Location: London, with offices in 29 countries
Employees: 1,100 staff and 13,000 volunteers
Case study focus: Micro-learning for humanitarian workers
The organisation
Save the Children was founded in 1919 by sisters Eglantyne Jebb and Dorothy Buxton. Its work helps an estimated 17.5 million children per year across 120 countries.
The challenge
Last year was the deadliest year on record since the migrant crisis began to sweep Europe. In 2016 alone more than 25,000 children made the perilous journey across the Mediterranean. UNICEF estimates that 90% of these children were unaccompanied. On the deadliest migrant route – Libya to Italy – there were 4,579 deaths last year. Of these, 700 were children.
Since the migrant crisis began in 2015 Save the Children has been at the forefront of the response. Róisín Cassidy, digital learning manager in Save the Children’s humanitarian capacity building team, says widespread media coverage of the crisis led to a substantial spike in volunteering.
But, adds Cassidy, many of these volunteers had little or no exposure to a crisis of this magnitude. “In northern France and Calais there were a lot of people going out on their weekends or setting up their own small NGOs,” she explains. “These were people that felt compelled to do something but had not previously worked in that context at all.”
The method
Save the Children considered face-to-face training but decided against it for logistical reasons; it was not practical to try to deliver training to thousands of people that weren't guaranteed to show up again. Cassidy said: “The challenge was to look at how we could still give [new volunteers] a foundation in humanitarian principles and essential codes of conduct and skills.”
In searching for the answer they turned to Skill Pill. The two organisations already had a relationship having first collaborated in 2011. On this occasion Save the Children needed Skill Pill to take the face-to-face learning and make it accessible on a mobile platform, so that volunteers and staff could access content on the go.
“It also needed to be bite-sized,” said Cassidy. “People are not going to sit down and do an hour-long training on in-depth topics when this isn’t necessarily their full-time job or even something they’ll continue to work in.”
Save the Children also enlisted the help of All in a Diary, a small NGO that specialises in providing guidance to the humanitarian sector. It came up with one-page scripts that formed the basis for the learning tools.
According to Cassidy the challenge for any organisation partnering with a NGO is understanding the demands of the sector. “[Skill Pill] has been sensitive to some of the changes that we’ve had to make to visuals or the script,” she says. “It also showed genuine interest for the topic and that’s key.”
The result
The finished product was a dashboard containing videos and resources on topics relevant to the child migrant crisis, including child safeguarding. Skill Pill also produced a ‘business card’ containing the log-in details for the dashboard. These were distributed to people on the ground.
Save the Children then reached out to other agencies, including The Humanitarian Leadership Academy and DisasterReady, so that as wide a pool of volunteers as possible could benefit. “They both host online learning courses and have a massive reach,” she said. “DisasterReady included [the dashboard] in its January newsletter and we saw a massive spike in access.
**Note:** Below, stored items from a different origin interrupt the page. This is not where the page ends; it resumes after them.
(* Let $L$ be a linear forest with $k$ vertices. If $q\ge k+1$ and $r\ge k-1$ are integers, then $s(P_{q+r},L)=s(C_q+P_r,L)$.
   Context: A linear forest is a disjoint union of paths. $P_j$ and $C_j$ are the path and cycle with $j$ vertices, $P_0$ is the graph with no vertices, and $+$ denotes disjoint union. For graphs $G,H$, $s(G,H)$ is the number of vertex subsets $X\subseteq V(G)$ such that $G[X]$ is isomorphic to $H$. *)

From mathcomp Require Import all_boot.
Set Implicit Arguments. Unset Strict Implicit. Unset Printing Implicit Defensive.

Definition path_rel (n : nat) : rel 'I_n :=
  fun i j => ((val i).+1 == val j) || ((val j).+1 == val i).

Definition cycle_rel (q : nat) : rel 'I_q :=
  fun i j => (i != j) && (((val i).+1 %% q == val j) || ((val j).+1 %% q == val i)).

Definition sum_rel (A B : finType) (ea : rel A) (eb : rel B) : rel (A + B)%type :=
  fun x y => match x, y with
             | inl a, inl a' => ea a a'
             | inr b, inr b' => eb b b'
             | _, _ => false
             end.

(* Disjoint union of paths P_{s_0} + P_{s_1} + ... *)
Definition lf_vertex (s : seq nat) : finType :=
  {i : 'I_(size s) & 'I_(nth 0 s i)}.

Arguments lf_vertex : clear implicits.
Definition lf_rel (s : seq nat) : rel (lf_vertex s) :=
  fun x y => (tag x == tag y) &&
             (((val (tagged x)).+1 == val (tagged y)) ||
              ((val (tagged y)).+1 == val (tagged x))).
We basically wanted to say ‘these tools are available to anyone that wants to use them in any way’.”
Save the Children reports that between 1 September 2016 and 20 February 2017 the learning platform was accessed 3,436 times. The videos have been well-received, particularly in ‘origin’ countries, Cassidy reports. After the UK the second highest number of views came from Kenya, followed by Turkey and Bangladesh.
Gerry Griffin, founder of Skill Pill, explained that in designing a learning tool for a volunteer workforce it’s important to adapt the tone of engagement. “When you shift from a workforce to a federation of volunteers the psychological contract changes. You cannot ‘push’, you have to ‘pull’. You need to appeal to ‘best self’ rather than rely on imperatives.”
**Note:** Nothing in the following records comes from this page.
(* Let $\Lambda$ be a row-finite $k$-graph with no sources and $R$ a commutative ring with $1$. If $\Lambda$ is aperiodic, then a pair $(\alpha,\beta)\in\Lambda\times\Lambda$ with $s(\alpha)=s(\beta)$ is a cycline pair if and only if $\alpha=\beta$. In particular, $\mathcal{M}=\mathcal{D}$.
   Context: A $k$-graph is a countable category $\Lambda$ (vertices $\Lambda^0$, paths, maps $r,s$) with a degree functor $d:\Lambda\to\mathbb{N}^k$ satisfying unique factorization: if $d(\lambda)=m+n$ there are unique $\mu,\nu$ with $s(\mu)=r(\nu)$, $d(\mu)=m,d(\nu)=n$, $\lambda=\mu\nu$. $v\Lambda=\{\lambda:r(\lambda)=v\}$, $v\Lambda^n$ those of degree $n$; row-finite with no sources means each $v\Lambda^n$ is finite and nonempty. ${\rm KP}_R(\Lambda)$ is the universal $R$-algebra generated by $p_v$ ($v\in\Lambda^0$), $s_\lambda,s_{\lambda^*}$ ($d(\lambda)\ne0$) with relations (KP1) $p_v$ mutually orthogonal idempotents; (KP2) $s_\lambda s_\mu=s_{\lambda\mu}$, $s_{\mu^*}s_{\lambda^*}=s_{(\lambda\mu)^*}$, $p_{r(\lambda)}s_\lambda=s_\lambda=s_\lambda p_{s(\lambda)}$, $p_{s(\lambda)}s_{\lambda^*}=s_{\lambda^*}=s_{\lambda^*}p_{r(\lambda)}$ when $r(\mu)=s(\lambda)$; (KP3) $s_{\lambda^*}s_\mu=\delta_{\lambda,\mu}p_{s(\lambda)}$ when $d(\lambda)=d(\mu)$; (KP4) $p_v=\sum_{\lambda\in v\Lambda^n}s_\lambda s_{\lambda^*}$ for $n\ne0$. Convention $s_v=s_{v^*}=p_v$. $\mathcal{D}$ is the $R$-subalgebra generated by $\{s_\mu s_{\mu^*}:\mu\in\Lambda\}$. A pair $(\alpha,\beta)$ with $s(\alpha)=s(\beta)$ is a cycline pair if $s_{\alpha\gamma}s_{(\alpha\gamma)^*}=s_{\beta\gamma}s_{(\beta\gamma)^*}$ for all $\gamma\in s(\alpha)\Lambda$; $\mathcal{M}$ is the $R$-subalgebra generated by $\{s_\alpha s_{\beta^*}:(\alpha,\beta)\text{ cycline}\}$. Let $\Omega_k$ be the $k$-graph with objects $\mathbb{N}^k$, morphisms $\{(p,q):p\le q\}$, $r(p,q)=p$, $s(p,q)=q$, $(p,q)(q,t)=(p,t)$, $d(p,q)=q-p$. An infinite path is a degree-preserving functor $x:\Omega_k\to\Lambda$, with range $r(x)=x(0,0)$; for $p\in\mathbb{N}^k$, $\sigma^p(x)(m,n)=x(m+p,n+p)$. An infinite path $x$ is periodic if $\sigma^p(x)=\sigma^q(x)$ for some $p\ne q$ in $\mathbb{N}^k$, and aperiodic otherwise. $\Lambda$ is aperiodic if for every $v\in\Lambda^0$ there is an aperiodic infinite path with range $v$. *)

From HB Require Import structures.
From mathcomp Require Import all_boot all_order all_algebra.
Set Implicit Arguments. Unset Strict Implicit. Unset Printing Implicit Defensive.
Import GRing.Theory.
Local Open Scope ring_scope.

Definition dg (k : nat) := {ffun 'I_k -> nat}.
Definition d0 (k : nat) : dg k := [ffun _ => 0%N].
Definition dadd k (m n : dg k) : dg k := [ffun i => (m i + n i)%N].
Definition dsub k (m n : dg k) : dg k := [ffun i => (m i - n i)%N].
Definition dle k (m n : dg k) : bool := [forall i, (m i <= n i)%N].

(* k-graphs: countable categories with a degree functor satisfying     *)
(* unique factorisation. Composition is a total function whose values  *)
(* on non-composable pairs are irrelevant. kcomp l m = "l m" with      *)
(* ksrc l = krng m.                                                    *)
Record kgraph (k : nat) := KGraph {
  kvert : countType;
  kpath : countType;
  krng : kpath -> kvert;
  ksrc : kpath -> kvert;
  kid : kvert -> kpath;
  kcomp : kpath -> kpath -> kpath;
  kdeg : kpath -> dg k;
  kid_rng : forall v, krng (kid v) = v;
  kid_src : forall v, ksrc (kid v) = v;
  kcomp_rng : forall l m, ksrc l = krng m -> krng (kcomp l m) = krng l;
  kcomp_src : forall l m, ksrc l = krng m -> ksrc (kcomp l m) = ksrc m;
  kcomp_idl : forall l, kcomp (kid (krng l)) l = l;
  kcomp_idr : forall l, kcomp l (kid (ksrc l)) = l;
  kcomp_assoc : forall l m n, ksrc l = krng m -> ksrc m = krng n ->
      kcomp (kcomp l m) n = kcomp l (kcomp m n);
  kdeg_id : forall v, kdeg (kid v) = d0 k;
  kdeg_comp : forall l m, ksrc l = krng m ->
      kdeg (kcomp l m) = dadd (kdeg l) (kdeg m);
  kfact : forall l (m n : dg k), kdeg l = dadd m n ->
      exists! mn : kpath * kpath,
        [/\ ksrc mn.1 = krng mn.2, kdeg mn.1 = m, kdeg mn.2 = n
          & l = kcomp mn.1 mn.2]
}.

Section KGraphDefs.
Variables (k : nat) (L : kgraph k).

Definition row_finite_no_sources : Prop :=
  forall (v : kvert L) (n : dg k),
    (exists s : seq (kpath L), uniq s /\
       forall l, (l \in s) <-> (krng l = v /\ kdeg l = n)) /\
    (exists l : kpath L, krng l = v /\ kdeg l = n).

(* An infinite path: a degree-preserving functor Omega_k -> Lambda,   *)
(* given by its values x p q on the morphisms (p,q), p <= q.          *)
Definition infinite_path (x : dg k -> dg k -> kpath L) : Prop :=
  (forall p, exists v, x p p = kid v) /\
  (forall p q, dle p q -> kdeg (x p q) = dsub q p) /\
  (forall p q t, dle p q -> dle q t ->
      ksrc (x p q) = krng (x q t) /\ x p t = kcomp (x p q) (x q t)).

Definition shift_eq (x : dg k -> dg k -> kpath L) (p q : dg k) : Prop :=
  forall m n, dle m n -> x (dadd m p) (dadd n p) = x (dadd m q) (dadd n q).

Definition aperiodic_path (x : dg k -> dg k -> kpath L) : Prop :=
  forall p q, p <> q -> ~ shift_eq x p q.

Definition aperiodic : Prop :=
  forall v : kvert L, exists x, infinite_path x /\
     krng (x (d0 k) (d0 k)) = v /\ aperiodic_path x.

End KGraphDefs.

Record nalg (R : comNzRingType) := NAlg {
  nacar :> lmodType R;
  namul : nacar -> nacar -> nacar;
  namulA : forall x y z, namul x (namul y z) = namul (namul x y) z;
  namulDl : forall (a : R) x y z,
      namul (a *: x + y) z = a *: namul x z + namul y z;
  namulDr : forall (a : R) x y z,
      namul z (a *: x + y) = a *: namul z x + namul z y
}.

Definition nalg_hom (R : comNzRingType) (A B : nalg R) (f : A -> B) : Prop :=
  (forall (a : R) (x y : A), f (a *: x + y) = a *: f x + f y) /\
  (forall x y : A, f (namul x y) = namul (f x) (f y)).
He described mobile learning as a ‘pull’ technology that allows people to engage when and where they want rather than ‘pushing’ them into a certain learning structure. This technique can work well for a wide range of other types of workers, he said.
“Organisations with a distributed population, like a large sales force, could also really benefit from this style,” said Griffin, reporting that mobile learning has become popular with financial services organisations where employees can be reluctant to commit large chunks of time to face-to-face training. “It’s also a good way to get colleagues to take more responsibility for their learning pathways,” Griffin added.
As the child migrant crisis worsens Save the Children continues to look at how it can improve the support it offers to people on the frontline. The collaboration with Skill Pill has encouraged technical experts from other areas of Save the Children to approach the digital learning team about producing similar learning tools. “The success of this project has meant that we are now aware of needs that we previously weren’t and now we are better placed to help,” said Cassidy.